Сказал так и крикнул, чтобы от брата избавиться поскорее:
— Филимошка, черт, давай ящики неси скорей, едем!
Тут брат белобрысый из коляски выпрыгнул — резво так, не по сану. Подскочил к Нилу и руками ему в горло вцепился. Нил хрипит, силится руки от горла отнять, да брат его не отпускает и шипит в ухо:
— И думать забудь! Уедешь — тебя быстро от строительства отодвинут, и меня с тобой. Пока дело не кончено, ты никуда отлучаться не должен. А тем паче в наши края возвращаться — схватят тебя, дурака и спасать будет уже некому. Думаешь, тебя там позабыли? А ты их позабыл? Всех ведь помнишь, всех обидчиков поименно. И они тебя тоже помнят; как объявишься в деревне — сразу донесут, и прямая тебе дорога в Сибирь. Понял?
Сказал так и разжал руки.
Нил на колени повалился, кашляет, ртом воздух ловит. А брат быстро гнев на милость сменил, гладит Нила по голове и приговаривает:
— Эх, пропадешь ты без меня! Ты вот что — возвращайся теперь к себе, ложись в постель и выспись хорошенько. К утру, глядишь, хмель выветрится, и все на место станет. И я, пожалуй, обратно в монастырь пойду — мне тоже выспаться надо.

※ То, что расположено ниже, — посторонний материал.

(* Let $A$ be a complex vector space of dimension $n\ge2$, let $h$ be a symmetric bilinear form on $A$, let $c\in A$ with $h(c,c)=0$ and $h(\cdot,c)\neq0$, and define $x*y=-h(y,c)x+h(x,y)c$. Then $(A,* )$ is isomorphic to $A^{(k)}_{(5)}$ for some $k\in\{0,\dots,n-2\}$, where $A^{(k)}_{(5)}$ has basis $e_1,\dots,e_n$ and nonzero products of basis vectors $e_2e_1=-e_1$, $e_2e_2=e_2$, $e_je_2=e_j$ ($3\le j\le n$), $e_le_l=e_1$ ($3\le l\le k+2$). *)

From mathcomp Require Import all_boot all_algebra.
From mathcomp Require Import complex.
From mathcomp Require Import Rstruct.

Set Implicit Arguments.
Unset Strict Implicit.
Unset Printing Implicit Defensive.

Import GRing.Theory.
Local Open Scope ring_scope.

Definition Cplx : numClosedFieldType := Rdefinitions.R[i].

Definition sym_bilinear_form (V : vectType Cplx) (h : V -> V -> Cplx) : Prop :=
  (forall (a : Cplx) (x y z : V), h (a *: x + y) z = a * h x z + h y z) /\
  (forall (a : Cplx) (x y z : V), h z (a *: x + y) = a * h z x + h z y) /\
  (forall x y : V, h x y = h y x).

Definition hc_mul (V : vectType Cplx) (h : V -> V -> Cplx) (c : V) (x y : V) : V :=
  - (h y c) *: x + (h x y) *: c.

(* Structure constants of A^(k)_(5) on basis e_1..e_n, indexed 0-based:
   e_(i+1) e_(j+1) = \sum_l gamma5 k i j l e_(l+1). *)
Definition gamma5 (k i j l : nat) : Cplx :=
  if [&& i == 1%N, j == 0%N & l == 0%N] then -1
  else if [&& i == 1%N, j == 1%N & l == 1%N] then 1
  else if [&& (2 <= i)%N, j == 1%N & l == i] then 1
  else if [&& (2 <= i)%N, i == j, (i <= k.+1)%N & l == 0%N] then 1
  else 0.

(* Multiplication of A^(k)_(5), realized on coordinate row vectors 'rV_n
   (coordinates w.r.t. the basis e_1..e_n), extended bilinearly. *)
Definition mulA5 (n k : nat) (x y : 'rV[Cplx]_n) : 'rV[Cplx]_n :=
  \row_(l < n) \sum_(i < n) \sum_(j < n) x 0 i * y 0 j * gamma5 k i j l.

Definition alg_iso (V W : vectType Cplx) (mulV : V -> V -> V) (mulW : W -> W -> W)
  (f : V -> W) : Prop :=
  (forall (a : Cplx) (x y : V), f (a *: x + y) = a *: f x + f y) /\
  bijective f /\
  (forall x y : V, f (mulV x y) = mulW (f x) (f y)).

From HB Require Import structures.
From mathcomp Require Import all_boot all_algebra.
From mathcomp Require Import complex.
From mathcomp Require Import Rstruct.
From mathcomp Require Import ring zify.
From Stdlib Require Import Classical.
Import GRing.Theory Num.Theory.
Local Open Scope ring_scope.
Set Implicit Arguments.
Unset Strict Implicit.

(* Choose e with h(e, c) = -1 and h(e, e) = 0, and let W be the h-orthogonal
   complement of span(c, e), of dimension n - 2.  Over C the restriction of h to
   W has an orthogonal basis t with h(t_i, t_i) = 1 for i < k and 0 otherwise.
   In the basis c, e, t the product is read off from x * y = -h(y,c) x + h(x,y) c:
   c * _ = 0, e c = -c, e e = e, e w = 0, w c = 0, w e = w and w w' = h(w,w') c,
   which are exactly the structure constants of A^(k)_(5). *)

Lemma dimv_cap_lker (K : fieldType) (V : vectType K) (f : 'Hom(V, K^o))
    (U : {vspace V}) y :
  y \in U -> f y != 0 -> \dim (U :&: lker f) = (\dim U).-1.
Proof.
move=> yU fy0; have := limg_ker_dim f U.
suff -> : \dim (f @: U) = 1%N by rewrite addn1 => <-.
apply/eqP; rewrite eqn_leq (leq_trans (dimvS (subvf _))) ?dimvf //=.
rewrite lt0n dimv_eq0; apply: contra fy0 => /eqP fU0.
by rewrite -memv0 -fU0 memv_img.
Qed.

Section SymmetricForm.
Variables (V : vectType Cplx) (h : V -> V -> Cplx).
Hypothesis hb : sym_bilinear_form h.

Definition hform (u : V) : V -> Cplx^o := h^~ u.

Fact hform_is_linear u : linear (hform u).
Proof. by case: hb => hlin _ a x y; rewrite /hform hlin. Qed.

Definition hform_lin u : {linear V -> Cplx^o} :=
  HB.pack (hform u) (GRing.isLinear.Build _ _ _ _ (hform u) (hform_is_linear u)).

Lemma hsym x y : h x y = h y x. Proof. by case: hb => _ []. Qed.
Lemma hZl a x z : h (a *: x) z = a * h x z.
Proof. by rewrite -![h _ z]/(hform_lin z _) linearZ. Qed.
Lemma hDl x y z : h (x + y) z = h x z + h y z.
Proof. by rewrite -![h _ z]/(hform_lin z _) linearD. Qed.
Lemma hZr a x z : h z (a *: x) = a * h z x. Proof. by rewrite hsym hZl hsym. Qed.
Lemma hDr x y z : h z (x + y) = h z x + h z y. Proof. by rewrite hsym hDl !(hsym z). Qed.

Definition hperp (U : {vspace V}) (u : V) : {vspace V} :=
  (U :&: lker (linfun (hform_lin u)))%VS.

Lemma memv_hperp (U : {vspace V}) u w : (w \in hperp U u) = (w \in U) && (h w u == 0).
Proof. by rewrite memv_cap memv_ker lfunE. Qed.

Lemma dim_hperp (U : {vspace V}) u y :
  y \in U -> h y u != 0 -> \dim (hperp U u) = (\dim U).-1.
Proof. by move=> yU hyu; apply: (dimv_cap_lker yU); rewrite lfunE. Qed.

Lemma sym_form_eq0 (U : {vspace V}) :
  {in U, forall x, h x x = 0} -> {in U &, forall x y, h x y = 0}.
Proof.
move=> hU0 x y xU yU; have := hU0 _ (memvD xU yU).
rewrite hDl !hDr !hU0 // add0r addr0 (hsym y x) -mulr2n -mulr_natr.
by move/eqP; rewrite mulf_eq0 pnatr_eq0 orbF => /eqP.
Qed.

(* Over C every nonzero value h x x has a square root, so anisotropic vectors
   can be normalized to h u u = 1 and split off one at a time. *)
Lemma sym_form_diag_basis (U : {vspace V}) :
  exists t : seq V, exists k, [/\ size t = \dim U, (k <= \dim U)%N, basis_of U t &
    forall i j, (i < \dim U)%N -> (j < \dim U)%N ->
      h t`_i t`_j = ((i == j) && (i < k)%N)%:R].
Proof.
move dU: (\dim U) => m; elim: m U dU => [|m IH] U dU.
  by exists [::], 0%N; rewrite basisEfree nil_free span_nil sub0v dU.
have [[x [xU hx]] | no_aniso] := classic (exists x, x \in U /\ h x x != 0); last first.
  have hU0 : {in U, forall x, h x x = 0}.
    by move=> x xU; apply/eqP/negPn/negP => hx; apply: no_aniso; exists x.
  exists (vbasis U), 0%N; split; rewrite ?size_tuple ?dU ?vbasisP // => i j im jm.
  by rewrite andbF; apply: (sym_form_eq0 hU0); apply: vbasis_mem; apply: mem_nth;
    rewrite size_tuple dU.
pose u := (sqrtC (h x x))^-1 *: x.
have huu : h u u = 1.
  by rewrite hZl hZr mulrA -expr2 exprVn sqrtCK mulVf.
have uU : u \in U by rewrite memvZ.
have dU' : \dim (hperp U u) = m by rewrite (dim_hperp uU) ?huu ?oner_neq0 ?dU.
have [t [k [st km bt ht]]] := IH _ dU'.
have tU' i : (i < m)%N -> t`_i \in hperp U u.
  by move=> im; rewrite -(span_basis bt) memv_span ?mem_nth ?st.
have htu i : (i < m)%N -> h t`_i u = 0.
  by move/tU'; rewrite memv_hperp => /andP[_ /eqP].
exists (u :: t), k.+1; split => /=; rewrite ?st //.
- rewrite basisEfree free_cons (basis_free bt) span_cons (span_basis bt) /= st dU.
  rewrite subv_add -memvE uU capvSl leqnn !andbT.
  by apply/negP; rewrite memv_hperp huu oner_eq0 andbF.
case=> [|i] [|j] //= im jm; [by rewrite hsym htu | by rewrite htu | by rewrite ht].
Qed.

End SymmetricForm.

Section StructureConstants.
Variables (V : vectType Cplx) (n : nat) (b : n.-tuple V) (mul : V -> V -> V).
Variable gamma : nat -> nat -> nat -> Cplx.
Hypothesis b_basis : basis_of fullv b.
Hypothesis mulDl : forall a x1 x2 y, mul (a *: x1 + x2) y = a *: mul x1 y + mul x2 y.
Hypothesis mulDr : forall a y1 y2 x, mul x (a *: y1 + y2) = a *: mul x y1 + mul x y2.
Hypothesis mul_basis :
  forall i j l : 'I_n, coord b l (mul b`_i b`_j) = gamma i j l.

Definition coord_mul (x y : 'rV[Cplx]_n) : 'rV[Cplx]_n :=
  \row_(l < n) \sum_(i < n) \sum_(j < n) x 0 i * y 0 j * gamma i j l.

Lemma alg_iso_coord : alg_iso mul coord_mul (fun v => \row_l coord b l v).
Proof.
have b_span v : v = \sum_i coord b i v *: b`_i.
  by apply: coord_span; rewrite (span_basis b_basis) memvf.
have mul0l y : mul 0 y = 0.
  by have := mulDl (-1) 0 0 y; rewrite scaler0 addr0 scaleN1r addNr.
have mul0r x : mul x 0 = 0.
  by have := mulDr (-1) 0 0 x; rewrite scaler0 addr0 scaleN1r addNr.
have mulZl a x y : mul (a *: x) y = a *: mul x y.
  by rewrite -[_ *: x]addr0 mulDl mul0l addr0.
have mulZr a x y : mul x (a *: y) = a *: mul x y.
  by rewrite -[_ *: y]addr0 mulDr mul0r addr0.
have mul_suml y (F : 'I_n -> V) : mul (\sum_i F i) y = \sum_i mul (F i) y.
  elim/big_rec2: _ => [|i x1 x2 _ <-]; first exact: mul0l.
  by have := mulDl 1 (F i) x2 y; rewrite !scale1r.
have mul_sumr x (F : 'I_n -> V) : mul x (\sum_i F i) = \sum_i mul x (F i).
  elim/big_rec2: _ => [|i y1 y2 _ <-]; first exact: mul0r.
  by have := mulDr 1 (F i) y2 x; rewrite !scale1r.
split; [|split].
- by move=> a x y; apply/rowP => l; rewrite !mxE linearP.
- exists (fun r : 'rV_n => \sum_i r 0 i *: b`_i) => [v|r].
    by rewrite [RHS]b_span; apply: eq_bigr => i _; rewrite mxE.
  by apply/rowP => l; rewrite mxE coord_sum_free // (basis_free b_basis).
move=> x y; apply/rowP => l; rewrite !mxE.
rewrite {1}(b_span x) {1}(b_span y) mul_suml linear_sum; apply: eq_bigr => i _.
rewrite mulZl mul_sumr linearZ linear_sum /= big_distrr; apply: eq_bigr => j _.
by rewrite !mxE mulZr linearZ /= mul_basis mulrA.
Qed.

End StructureConstants.

Section HcAlgebra.
Variables (V : vectType Cplx) (h : V -> V -> Cplx) (c : V).
Hypotheses (hb : sym_bilinear_form h) (hcc : h c c = 0).
Local Notation "x ⋆ y" := (hc_mul h c x y) (at level 40, left associativity).

Lemma hc_mulDl a x1 x2 y : (a *: x1 + x2) ⋆ y = a *: (x1 ⋆ y) + x2 ⋆ y.
Proof.
rewrite /hc_mul (hDl hb) (hZl hb) scalerDr scalerDl !scalerDr !scalerA.
by rewrite [a * - _]mulrC addrACA.
Qed.

Lemma hc_mulDr a y1 y2 x : x ⋆ (a *: y1 + y2) = a *: (x ⋆ y1) + x ⋆ y2.
Proof.
rewrite /hc_mul (hDl hb) (hZl hb) (hDr hb) (hZr hb) opprD -mulrN.
by rewrite !scalerDl !scalerDr !scalerA addrACA.
Qed.

Lemma hc_mul_c_l y : c ⋆ y = 0.
Proof. by rewrite /hc_mul (hsym hb) scaleNr addNr. Qed.

(* Shifting a vector with h(e, c) = -1 along the isotropic c kills h(e, e). *)
Lemma exists_hyperbolic_partner :
  (exists x, h x c != 0) -> exists e, h e c = -1 /\ h e e = 0.
Proof.
case=> x hx0; have [e0 he0c] : exists e0, h e0 c = -1.
  by exists (- (h x c)^-1 *: x); rewrite (hZl hb) mulNr mulVf.
exists (e0 + (h e0 e0 / 2) *: c); split.
  by rewrite (hDl hb) (hZl hb) hcc mulr0 addr0.
rewrite (hDl hb) !(hDr hb) !(hZl hb) !(hZr hb) hcc (hsym hb c e0) he0c.
have two_neq0 : (2 : Cplx) != 0 by rewrite pnatr_eq0.
by field.
Qed.

Variable e : V.
Hypotheses (hec : h e c = -1) (hee : h e e = 0).

Lemma hc_mul_e_c : e ⋆ c = - c.
Proof. by rewrite /hc_mul hcc hec oppr0 scale0r add0r scaleN1r. Qed.

Lemma hc_mul_e_e : e ⋆ e = e.
Proof. by rewrite /hc_mul hec hee scale0r addr0 opprK scale1r. Qed.

Definition hc_perp : {vspace V} := hperp hb (hperp hb fullv c) e.

Lemma memv_hc_perp w : w \in hc_perp -> h w c = 0 /\ h w e = 0.
Proof. by rewrite !memv_hperp memvf => /andP[/eqP-> /eqP->]. Qed.

Lemma dim_hc_perp : \dim hc_perp = (\dim {:V}).-2.
Proof.
have ce_neq0 : h c e != 0 by rewrite (hsym hb) hec oppr_eq0 oner_eq0.
have ec_neq0 : h e c != 0 by rewrite hec oppr_eq0 oner_eq0.
have c_perp : c \in hperp hb fullv c by rewrite memv_hperp memvf hcc eqxx.
by rewrite (dim_hperp hb c_perp ce_neq0) (dim_hperp hb (memvf e) ec_neq0).
Qed.

Section Perp.
Variable w : V.
Hypothesis w_perp : w \in hc_perp.

Lemma hc_mul_e_perp : e ⋆ w = 0.
Proof.
have [wc we] := memv_hc_perp w_perp.
by rewrite /hc_mul wc (hsym hb) we oppr0 !scale0r addr0.
Qed.

Lemma hc_mul_perp_c : w ⋆ c = 0.
Proof.
by have [wc _] := memv_hc_perp w_perp; rewrite /hc_mul hcc wc oppr0 !scale0r addr0.
Qed.

Lemma hc_mul_perp_e : w ⋆ e = w.
Proof.
have [_ we] := memv_hc_perp w_perp.
by rewrite /hc_mul hec we opprK scale0r addr0 scale1r.
Qed.

Lemma hc_mul_perp w' : w' ⋆ w = h w' w *: c.
Proof.
by have [wc _] := memv_hc_perp w_perp; rewrite /hc_mul wc oppr0 scale0r add0r.
Qed.

End Perp.

Variables (k : nat) (t : seq V).
Hypothesis t_basis : basis_of hc_perp t.
Hypothesis ht : forall i j, (i < size t)%N -> (j < size t)%N ->
  h t`_i t`_j = ((i == j) && (i < k)%N)%:R.

Lemma t_perp i : (i < size t)%N -> t`_i \in hc_perp.
Proof. by move=> it; rewrite -(span_basis t_basis) memv_span ?mem_nth. Qed.

Lemma free_hc_basis : free [:: c, e & t].
Proof.
have neg1_neq0 : (-1 : Cplx) != 0 by rewrite oppr_eq0 oner_eq0.
rewrite !free_cons (basis_free t_basis) span_cons (span_basis t_basis) andbT.
apply/andP; split.
  apply/memv_addP => -[_ /vlineP[a ->] [w /memv_hc_perp[_ we] c_eq]].
  have := hec; rewrite (hsym hb) c_eq (hDl hb) (hZl hb) hee we mulr0 addr0.
  by move/eqP; rewrite eq_sym (negPf neg1_neq0).
by apply/negP => /memv_hc_perp[]; rewrite hec => /eqP; rewrite (negPf neg1_neq0).
Qed.

Lemma basis_hc_basis : (2 <= \dim {:V})%N -> basis_of fullv [:: c, e & t].
Proof.
move=> dimV2; rewrite basisEfree free_hc_basis subvf /=.
have st : size t = \dim hc_perp.
  by rewrite (@size_basis _ _ _ _ (in_tuple t) t_basis).
by rewrite st dim_hc_perp; lia.
Qed.

Lemma coord_hc_mul (i j l : 'I_(size t).+2) :
  coord (in_tuple [:: c, e & t]) l ((c :: e :: t)`_i ⋆ (c :: e :: t)`_j)
  = gamma5 k i j l.
Proof.
set b := in_tuple _.
have coord_b (m : nat) : (m < (size t).+2)%N -> coord b l b`_m = (m == l)%:R.
  by move=> mt; have := @coord_free _ _ _ b (Ordinal mt) l free_hc_basis.
have coord_c : coord b l c = (0 == l :> nat)%:R := coord_b 0%N isT.
have coord_e : coord b l e = (1 == l :> nat)%:R := coord_b 1%N isT.
have coordN v : coord b l (- v) = - coord b l v by rewrite linearN.
have coordZ a v : coord b l (a *: v) = a * coord b l v by rewrite linearZ.
case: i => -[|[|i]] /= it.
- by rewrite hc_mul_c_l linear0 /gamma5.
- case: j => -[|[|j]] /= jt.
  + rewrite hc_mul_e_c coordN coord_c /gamma5 /=.
    by case: (nat_of_ord l) => [|l'] /=; rewrite ?oppr0.
  + by rewrite hc_mul_e_e coord_e /gamma5 /=; case: (nat_of_ord l) => [|[|l']].
  + by rewrite hc_mul_e_perp ?t_perp ?linear0 // /gamma5.
- have ti_perp : t`_i \in hc_perp by rewrite t_perp.
  case: j => -[|[|j]] /= jt.
  + by rewrite hc_mul_perp_c ?linear0 // /gamma5 /=.
  + rewrite hc_mul_perp_e // (coord_b i.+2) // /gamma5 /= eq_sym.
    by case: eqP.
  + rewrite hc_mul_perp ?t_perp // coordZ coord_c ht // /gamma5 /=.
    case: (nat_of_ord l) => [|l'] /=; rewrite ?mulr0 ?mulr1 ?andbT ?andbF //.
    by case: (_ && _).
Qed.

End HcAlgebra.

Unset Implicit Arguments.
Set Strict Implicit.

Theorem proposition3p8 (n : nat) (V : vectType Cplx) (h : V -> V -> Cplx) (c : V) :
  (2 <= n)%N ->
  \dim (fullv : {vspace V}) = n ->
  sym_bilinear_form h ->
  h c c = 0 ->
  (exists x : V, h x c != 0) ->
  exists k : nat, (k <= n - 2)%N /\
    exists f : V -> 'rV[Cplx]_n, alg_iso (hc_mul h c) (@mulA5 n k) f.
Proof.
move=> n2 dimV hb hcc /(exists_hyperbolic_partner hb hcc) [e [hec hee]].
have [t [k [st kle t_basis ht]]] := sym_form_diag_basis hb (hc_perp c hb e).
rewrite -st in ht; rewrite (dim_hc_perp hb hcc hec) dimV in st kle.
exists k; split; first by rewrite subn2.
have -> : n = (size t).+2 by rewrite st; lia.
exists (fun v => \row_l coord (in_tuple [:: c, e & t]) l v).
apply: alg_iso_coord.
- by apply: (basis_hc_basis hcc hec hee t_basis); rewrite dimV.
- exact: hc_mulDl.
- exact: hc_mulDr.
- exact: (coord_hc_mul hcc hec hee t_basis ht).
Qed.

Насилу Нил отдышался, хотел что-то брату сказать, смотрит — а того и след простыл. Видать, действительно отправился восвояси, в монастырь. Тут Филимошка как раз на двор спустился с ящиками. Нил ему приказал коней распрячь, а ящики обратно в комнаты снести. Филимошка, конечно, удивился, но спорить не стал и все сделал, как велено.
На следующее утро проснулся Нил поздно. Сидел на кровати, думал долго. А потом кликнул Филимошку, дал ему десять рублей и послал цветов в лавке купить, самых дорогих. Принес Филимошка цветы в красивой бумажной обертке, Нил их в кувшин с водой поставил, а сам сел за стол и написал полицмейстеру длинное письмо. Сперва извинился за беспорядок, который учинил у него в доме. А потом попросил встречи по вопросу личного свойства. И намек сделал — мол, видя вашу счастливую семейную жизнь, понял я, что годы уже и меня склоняют к заведению собственного домашнего очага. Об этом и хотел бы я поговорить с вами и с дражайшей вашей супругой. Поставил подпись и булавкой к письму расписку приложил на четыреста рублей, что ему полицмейстер оставил в удостоверение долга. И с Филимошкой отослал.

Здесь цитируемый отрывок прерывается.